The case of Bridport illustrates the life of any provincial town in early times whose burghers still served many masters.[378] It was a busy little trading community in the thirteenth century. Hemp was grown in its fields which was sent to Plympton to be made into rope yarn, returned to Bridport to be woven into ropes, and then sent back again to Plympton for sale, or fashioned at home into the girths, horse-nets, and reins for which the Bridport men were famous. The inhabitants had won a considerable measure of self-rule. They elected the two bailiffs who were at the head of their local government, presided in the little town court, and doubtless regulated the market and controlled the trade. These two had under them under-bailiffs, cofferers, and constables; and were assisted by twelve jurors chosen every Michaelmas, who yearly perambulated the town to watch over its boundaries, and who had charge of the “parish cheste” or coffin and the parish bier, and of the pillory, whipping post, and cucking stool. Twelve men were also chosen to conduct any business in which Bridport was concerned. At the visits of the king’s justices they were summoned with the clerk in council to assist in the business of the court; they represented their fellow burgesses if any question was called for trial before the sheriffs court at Dorchester, or if a dispute arose with the bishop, or a settlement had to be made with the convent at Abbotsbury.

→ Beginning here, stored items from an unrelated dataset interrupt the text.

Lemma swap_vals_SET C T c d : is_SET C T -> c \in C -> d \in C -> T d = (T c).+1 ->
  c.1 != d.1 -> c.2 != d.2 -> is_SET C (swap_vals (T c) T).
Proof.
move=> T_SET cC dC Td rowcd colcd; have [T0 Tperm Trow Tcol] := T_SET.
have Tc_range := SET_range T_SET cC; have Td_range := SET_range T_SET dC.
have swap_lt z w : z \in C -> w \in C -> z.1 = w.1 \/ z.2 = w.2 -> T z < T w ->
    swap_vals (T c) T z < swap_vals (T c) T w.
  move=> zC wC zw Tzw; rewrite !swap_valsE swap_nat_lt // xpair_eqE.
  apply/negP => /andP[/eqP Tz /eqP Tw].
  have ez := SET_inj T_SET zC cC Tz; have ew := SET_inj T_SET wC dC (etrans Tw (esym Td)).
  by move: zw; rewrite ez ew => -[] /eqP; rewrite ?(negbTE rowcd) ?(negbTE colcd).
split.
- by move=> z /T0 Tz; rewrite swap_valsE Tz swap_nat_id //; lia.
- have -> : map (swap_vals (T c) T) C = map (swap_nat (T c)) (map T C) by rewrite -map_comp.
  by apply: perm_trans (perm_map _ Tperm) _; apply: perm_iota_swap_nat; lia.
- by move=> z w zC wC zw ltzw; apply: swap_lt => //; [left | apply: Trow].
- by move=> z w zC wC zw ltzw; apply: swap_lt => //; [right | apply: Tcol].
Qed.

Lemma pi_op_SET C T T' i : is_SET C T -> 1 <= i < size C -> pi_op C i T = Some T' ->
  is_SET C T'.
Proof.
move=> T_SET isz.
have [c cC Tc] : exists2 c, c \in C & T c = i by apply: (SET_surj T_SET); lia.
have [d dC Td] : exists2 d, d \in C & T d = i.+1 by apply: (SET_surj T_SET); lia.
subst i; rewrite /pi_op -Td !rowof_SET //.
case: ltnP => [_ [<-] // | _]; case: ltnP => // dc [<-].
apply: (swap_vals_SET T_SET cC dC Td); first by rewrite gtn_eqF.
apply/eqP => col; have [_ _ _ Tcol] := T_SET.
by have := Tcol d c dC cC (esym col) dc; rewrite Td; lia.
Qed.

Definition vertical_ascents (C : seq cell) (T : tableau) : Prop :=
  forall c d, c \in C -> d \in C -> T d = (T c).+1 -> c.1 < d.1 -> c.2 = d.2.

Lemma SET_minimalP C T : is_SET C T -> SET_minimal C T <-> vertical_ascents C T.
Proof.
move=> T_SET; split=> [[_ T_min] c d cC dC Td cd | T_asc].
  apply/eqP; apply: contraT => colcd.
  have S_SET := swap_vals_SET T_SET cC dC Td (negbT (ltn_eqF cd)) colcd.
  set S := swap_vals (T c) T in S_SET.
  have Sd : S d = T c by rewrite /S swap_valsE Td swap_natr.
  have Sc : S c = (S d).+1 by rewrite Sd /S swap_valsE swap_natl.
  have S_le : SET_le C S T.
    apply: (SET_le_step (i := T c)) (SET_le_refl _ _).
      by have := SET_range T_SET cC; have := SET_range T_SET dC; lia.
    rewrite /pi_op -Sd -Sc !rowof_SET // ltnNge (ltnW cd) /= cd Sd.
    by rewrite /S swap_valsK.
  by have := congr1 (fun f => f d) (T_min S S_SET S_le); rewrite Sd Td; lia.
split=> // T' T'_SET T'_le.
suff le_eq X Y : SET_le C X Y -> Y = T -> is_SET C X -> X = T by exact: le_eq T'_le erefl T'_SET.
elim=> [//|{}X X1 {}Y i isz piX _ IH] YT X_SET.
have X1T := IH YT (pi_op_SET X_SET isz piX); subst X1.
have [c cC Xc] : exists2 c, c \in C & X c = i by apply: (SET_surj X_SET); lia.
have [d dC Xd] : exists2 d, d \in C & X d = i.+1 by apply: (SET_surj X_SET); lia.
subst i; move: piX; rewrite /pi_op -Xd !rowof_SET //.
case: ltnP => [_ [] // | _]; case: ltnP => // dc [XT].
have Td : T d = X c by rewrite -XT swap_valsE Xd swap_natr.
have Tc : T c = (T d).+1 by rewrite Td -XT swap_valsE swap_natl.
have [_ _ _ Xcol] := X_SET.
by have := Xcol d c dC cC (T_asc d c dC cC Tc dc) dc; rewrite Xd; lia.
Qed.

Lemma eq_glue As Ms Ms' : (forall k, k < size As -> Ms k = Ms' k) ->
  glue As Ms = glue As Ms'.
Proof.
by move=> eqMs; apply: functional_extensionality => c; apply: eq_bigr => k _; rewrite eqMs.
Qed.

Section Components.

Variables (As : seq (seq cell)) (C : seq cell).
Hypotheses (C_uniq : uniq C) (As_C : perm_eq (flatten As) C).

Local Notation n := (size As).
Local Notation A k := (nth [::] As k).

Hypothesis comps_above :
  forall k l c d, k < l -> l < n -> c \in A k -> d \in A l -> d.1 < c.1.
Hypothesis comps_apart :
  forall k l c d, k < l -> l < n -> c \in A k -> d \in A l -> c.2 != d.2.

Lemma mem_compsP c : reflect (exists2 k, k < n & c \in A k) (c \in C).
Proof. by rewrite -(perm_mem As_C); apply: mem_flatten_nthP. Qed.

Lemma mem_comp k c : k < n -> c \in A k -> c \in C.
Proof. by move=> kn ck; apply/mem_compsP; exists k. Qed.

Lemma size_comps : size C = offset As n.
Proof. by rewrite -(perm_size As_C) -(size_flatten_take (leqnn n)) take_size. Qed.

Lemma flatten_comps_uniq : uniq (flatten As).
Proof. by rewrite (perm_uniq As_C). Qed.

Lemma comp_leq_of_row k l c d : k < n -> l < n -> c \in A k -> d \in A l ->
  c.1 <= d.1 -> l <= k.
Proof.
move=> kn ln ck dl cd; rewrite leqNgt; apply/negP => kl.
by have := comps_above kl ln ck dl; rewrite ltnNge cd.
Qed.

Lemma comp_eq_of_row k l c d : k < n -> l < n -> c \in A k -> d \in A l ->
  c.1 = d.1 -> k = l.
Proof.
move=> kn ln ck dl cd; apply/eqP; rewrite eqn_leq.
by rewrite (comp_leq_of_row ln kn dl ck) ?cd // (comp_leq_of_row kn ln ck dl) ?cd.
Qed.

Lemma comp_eq_of_col k l c d : k < n -> l < n -> c \in A k -> d \in A l ->
  c.2 = d.2 -> k = l.
Proof.
move=> kn ln ck dl cd; case: (ltngtP k l) => // [kl | lk].
  by have := comps_apart kl ln ck dl; rewrite cd eqxx.
by have := comps_apart lk kn dl ck; rewrite cd eqxx.
Qed.

Lemma comp_mem_eq k l c : k < n -> l < n -> c \in A k -> c \in A l -> k = l.
Proof. by move=> kn ln ck cl; apply: comp_eq_of_row ck cl _. Qed.

Definition blockwise (T : tableau) : Prop :=
  forall k c, k < n -> c \in A k -> offset As k < T c <= offset As k.+1.

Lemma blockwise_lt T k l c d : blockwise T -> k < l -> l < n -> c \in A k -> d \in A l ->
  T c < T d.
Proof.
move=> T_block kl ln ck dl; have kn := ltn_trans kl ln.
have := T_block k c kn ck; have := T_block l d ln dl; have := leq_offset As kl; lia.
Qed.

Lemma glueE {Ms} k c : k < n -> c \in A k -> glue As Ms c = Ms k c + offset As k.
Proof.
move=> kn ck; rewrite /glue (bigD1 (Ordinal kn)) //= ck -/(offset As k) big1 ?addn0 // => j /eqP jk.
case: ifP => // cj; case: jk; apply: val_inj.
exact: comp_mem_eq (ltn_ord j) kn cj ck.
Qed.

Lemma glue0 {Ms} c : c \notin C -> glue As Ms c = 0.
Proof.
move=> cC; rewrite /glue big1 // => j _; case: ifP => // cj.
by case/negP: cC; apply: mem_comp cj.
Qed.

Lemma glue_blockwise Ms : (forall k, k < n -> is_SET (A k) (Ms k)) ->
  blockwise (glue As Ms).
Proof.
move=> Ms_SET k c kn ck; rewrite (glueE kn ck) offsetS.
by have := SET_range (Ms_SET k kn) ck; lia.
Qed.

Lemma glue_SET Ms : (forall k, k < n -> is_SET (A k) (Ms k)) -> is_SET C (glue As Ms).
Proof.
move=> Ms_SET; have g_block := glue_blockwise Ms_SET.
split.
- exact: glue0.
- apply: uniq_perm_iota; rewrite ?size_map //.
    rewrite map_inj_in_uniq // => c d /mem_compsP[k kn ck] /mem_compsP[l ln dl] gcd.
    case: (ltngtP k l) => [kl | lk | kl].
    + by have := blockwise_lt g_block kl ln ck dl; rewrite gcd ltnn.
    + by have := blockwise_lt g_block lk kn dl ck; rewrite gcd ltnn.
    subst l; apply: (SET_inj (Ms_SET k kn) ck dl).
    by apply/eqP; rewrite -(eqn_add2r (offset As k)) -(glueE kn ck) -(glueE kn dl) gcd.
  move=> _ /mapP[c /mem_compsP[k kn ck] ->]; rewrite inE size_comps.
  by have := g_block k c kn ck; have := leq_offset As kn; lia.
- move=> c d /mem_compsP[k kn ck] /mem_compsP[l ln dl] cd.
  have kl := comp_eq_of_row kn ln ck dl cd; subst l.
  by rewrite (glueE kn ck) (glueE kn dl) ltn_add2r; have [_ _ Mrow _] := Ms_SET k kn; apply: Mrow.
- move=> c d /mem_compsP[k kn ck] /mem_compsP[l ln dl] cd.
  have kl := comp_eq_of_col kn ln ck dl cd; subst l.
  by rewrite (glueE kn ck) (glueE kn dl) ltn_add2r; have [_ _ _ Mcol] := Ms_SET k kn; apply: Mcol.
Qed.

Lemma glue_minimal Ms : (forall k, k < n -> SET_minimal (A k) (Ms k)) ->
  SET_minimal C (glue As Ms).
Proof.
move=> Ms_min; have Ms_SET k (kn : k < n) := (Ms_min k kn).1.
apply/(SET_minimalP (glue_SET Ms_SET)) => c d /mem_compsP[k kn ck] /mem_compsP[l ln dl] gd cd.
have kl : k = l.
  case: (ltngtP l k) (comp_leq_of_row kn ln ck dl (ltnW cd)) => // lk _.
  by have := blockwise_lt (glue_blockwise Ms_SET) lk kn dl ck; rewrite gd; lia.
subst l; apply: ((SET_minimalP (Ms_SET k kn)).1 (Ms_min k kn) c d ck dl _ cd).
by apply/eqP; rewrite -(eqn_add2r (offset As k)) addSn -(glueE kn ck) -(glueE kn dl) gd.
Qed.

Section MinimalTableau.

Variable T : tableau.
Hypothesis T_min : SET_minimal C T.

Let T_SET : is_SET C T := T_min.1.

Lemma minimal_comp_succ k l c d : k < n -> l < n -> c \in A k -> d \in A l ->
  T d = (T c).+1 -> k <= l.
Proof.
move=> kn ln ck dl Td; rewrite leqNgt; apply/negP => lk.
have := (SET_minimalP T_SET).1 T_min c d (mem_comp kn ck) (mem_comp ln dl) Td.
by move=> /(_ (comps_above lk kn dl ck)) cd; have := comps_apart lk kn dl ck; rewrite cd eqxx.
Qed.

Lemma minimal_comp_mono t k l c d : k < n -> l < n -> c \in A k -> d \in A l ->
  T d = T c + t -> k <= l.
Proof.
elim: t k c => [|t IH] k c kn ln ck dl Td.
  rewrite addn0 in Td; have cd := SET_inj T_SET (mem_comp ln dl) (mem_comp kn ck) Td.
  by rewrite (comp_mem_eq kn ln ck) -?cd.
have [e eC Te] : exists2 e, e \in C & T e = (T c).+1.
  by apply: (SET_surj T_SET); have := SET_range T_SET (mem_comp ln dl); lia.
case/mem_compsP: eC => j jn ej.
apply: leq_trans (minimal_comp_succ kn jn ck ej Te) (IH j e jn ln ej dl _).
by rewrite Te Td addnS.
Qed.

I. The powers of the burgesses however were shut up within the narrowest limits. At every moment of their lives some authority from without stepped in with rigorous control and ceaseless exactions. The Lord of the Manor (who in this particular case was the king) owned the soil of the town; therefore his Steward kept the Law Day,[379] judged the petty offences of the townsmen, summoned them before him to see that each was properly enrolled under the system of frankpledge, and swept their fines and forfeitures into the lord’s coffers.[380]